= What you should do =
Run through the records and show each line that includes the string "andP".

(Collected data entries)
++++++
Lemma eigvec_offroot_le :
  exists2 C, 0 <= C & \forall n \near \oo, forall k, k != j -> `|v n k| <= C * t n.
Proof.
have [C C_ge0 w_le] := rescaled_bounded.
exists C => //; near=> n => k kj.
have t_le1 : t n <= 1 by near: n; exact: t_small.
have wk_le : `|w n k| <= C by have := near w_le n; apply.
have ts_ge0 : 0 <= t n ^+ s k by rewrite exprn_ge0 // ltW.
rewrite -[v n k](@divfK _ (t n ^+ s k)) ?expf_neq0 ?gt_eqF // normrM (ger0_norm ts_ge0).
by apply: ler_pM => //; apply: t_pow_le => //; exact: s_gt0.
Unshelve. all: by end_near.
Qed.

Lemma eigvec_root_cvg : v n j @[n --> \oo] --> (1 : R).
Proof.
have [C C_ge0 v_le] := eigvec_offroot_le.
apply/subr_cvg0/(@cvg0_norm_le_scale _ _ t (m%:R * C)) => //.
near=> n.
have vj_ge0 := U_jj_ge0 n; have vj_le1 := orthomx_entry_le1 (U_orth n) j j.
have vj_le : `|v n j - 1| <= 1 - v n j ^+ 2.
  rewrite distrC ger0_norm ?subr_ge0; last by apply: le_trans (ler_norm _) _.
  move: vj_le1; rewrite ger0_norm // => vj_le1; nra.
apply: (le_trans vj_le).
have -> : 1 - v n j ^+ 2 = \sum_(k | k != j) v n k ^+ 2.
  by rewrite -(orthomx_col_norm (U_orth n) j) (bigD1 j) //= addrC addrK.
have -> : m%:R * C * t n = #|'I_m|%:R * (C * t n) by rewrite card_ord mulrA.
apply: ler_sum_card => [|k kj]; first by rewrite mulr_ge0 // ltW.
have vk_le1 := orthomx_entry_le1 (U_orth n) k j.
have vk_le : `|v n k| <= C * t n by have := near v_le n; apply.
rewrite -real_normK ?num_real // expr2; apply: le_trans vk_le.
by rewrite ler_piMr.
Unshelve. all: by end_near.
Qed.

Lemma rescaled_children_cvg0 a (Q : pred 'I_m) :
  (\sum_(k | e a k && Q k) t n ^+ (2 * f a k) * w n k) @[n --> \oo] --> 0.
Proof.
have [C C_ge0 w_le] := rescaled_bounded.
apply: (@cvg0_norm_le_scale _ _ t (m%:R * C)) => //; near=> n.
have t_le1 : t n <= 1 by near: n; exact: t_small.
have wk_le k : `|w n k| <= C by have := near w_le n; apply.
apply: le_trans (ler_norm_sum _ _ _) _.
rewrite -mulrA -[m in m%:R * _]card_ord; apply: ler_sum_card => [|k /andP [eak _]].
  by rewrite mulr_ge0 // ltW.
have tf_ge0 : 0 <= t n ^+ (2 * f a k) by rewrite exprn_ge0 // ltW.
rewrite normrM (ger0_norm tf_ge0) mulrC ler_pM //.
by apply: t_pow_le; rewrite // muln_gt0 f_gt0.
Unshelve. all: by end_near.
Qed.

Lemma eigvec_entry_cvg a q : is_gpath e a j q ->
  (U n a j / t n ^+ path_weight f a q) @[n --> \oo] --> path_coef lam a j q.
Proof.
elim: q a => [|x q IHq] a Haq.
  move: Haq; rewrite is_gpath_nil => /eqP ->.
  rewrite /path_coef /path_weight /= !big_nil.
  by under eq_fun do rewrite expr0 divr1; exact: eigvec_root_cvg.
have [delta delta_gt0 gap] := diag_gap.
have aj : a != j by apply: contraTneq Haq => ->; apply/negP => /is_gpath_loop.
have := Haq; rewrite is_gpath_cons => /and3P [eax _ Hxq].
have w_x : w n x @[n --> \oo] --> path_coef lam x j q.
  by rewrite /w /s (P_unique Hxq); exact: IHq.
have -> : path_weight f a (x :: q) = s a by rewrite /s (P_unique Haq).
pose Rn n := \sum_(k | e a k && (k != x)) t n ^+ (2 * f a k) * w n k.
have eq_a n : (lam j - A n a a) * w n a = w n x + Rn n.
  rewrite rescaled_eigen_eq (bigD1 x) //= (P_unique Haq) (P_unique Hxq) eqxx.
  congr (_ + _); apply: eq_bigr => k /andP [_ kx].
  by case: ifP => // /eqP [xk _]; rewrite xk eqxx in kx.
have Rn_cvg0 : Rn n @[n --> \oo] --> 0 := rescaled_children_cvg0 a (predC1 x).
have D_cvg : (lam j - A n a a) @[n --> \oo] --> lam j - lam a.
  exact: cvgB (cvg_cst _) (@A_diag_cvg a).
have D_neq0 : lam j - lam a != 0 by rewrite subr_eq0 eq_sym (inj_eq lam_inj).
rewrite path_coef_cons mulrC -[path_coef lam x j q]addr0.
apply: cvg_trans _ (cvgM (cvgD w_x Rn_cvg0) (cvgV D_neq0 D_cvg)).
apply: near_eq_cvg; near=> n.
have D_n : delta <= `|lam j - A n a a| by have := near gap n; apply.
have D_n0 : lam j - A n a a != 0 by rewrite -normr_gt0 (lt_le_trans delta_gt0).
change ((w n x + Rn n) / (lam j - A n a a) = w n a).
by rewrite -eq_a mulrC mulKf.
Unshelve. all: by end_near.
Qed.

End TreeEigenvector.

Theorem lemma2p3 (R : realType) (m : nat) (lam : 'I_m -> R)
  (e : rel 'I_m) (g : 'I_m -> 'I_m -> nat) (N0 : nat)
  (t : nat -> R) (A U : nat -> 'M[R]_m) :
  (forall i j : 'I_m, (i < j)%N -> lam i < lam j) ->
  is_tree e ->
  (forall i j, g i j = g j i) ->
  (max_on_edges e g * diam e < N0)%N ->
  (forall n, 0 < t n) ->
  t @ \oo --> 0 ->
  (forall n, in_MfG e (fun i j => N0 + g i j)%N (t n) (A n)) ->
  (forall n, in_E lam (A n)) ->
  (forall i j, (A n i j) @[n --> \oo] --> diag_mx (\row_k lam k) i j) ->
  (forall n, (U n)^T *m U n = 1%:M) ->
  (forall n (i : 'I_m), 0 <= U n i i) ->
  (forall n, (U n)^T *m A n *m U n = diag_mx (\row_k lam k)) ->
  forall (i j : 'I_m) (p : seq 'I_m), is_gpath e i j p ->
    (U n i j / t n ^+ path_weight (fun a b => N0 + g a b)%N i p)
      @[n --> \oo] --> path_coef lam i j p.
Proof.
move=> lam_lt [[e_sym e_irrefl] [e_conn e_acyclic]] g_sym N0_gt t_gt0 t_cvg0 A_MfG _.
move=> A_cvg U_orth U_ge0 U_eig i j p ij_path.
have lam_inj : injective lam.
  move=> a b lam_ab; apply: val_inj.
  by case: (ltngtP a b) => // /lam_lt; rewrite lam_ab ltxx.
have f_gt0 a b : e a b -> (0 < N0 + g a b)%N.
  by move=> _; rewrite addn_gt0 (leq_ltn_trans (leq0n _) N0_gt).
have A_diag_cvg a : A n a a @[n --> \oo] --> lam a.
  by have := A_cvg a a; rewrite !mxE eqxx mulr1n.
apply: eigvec_entry_cvg ij_path => // a b.
by rewrite g_sym.
Qed.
++++++
= Exercise solution =
rewrite -mulrA -[m in m%:R * _]card_ord; apply: ler_sum_card => [|k /andP [eak _]].
  congr (_ + _); apply: eq_bigr => k /andP [_ kx].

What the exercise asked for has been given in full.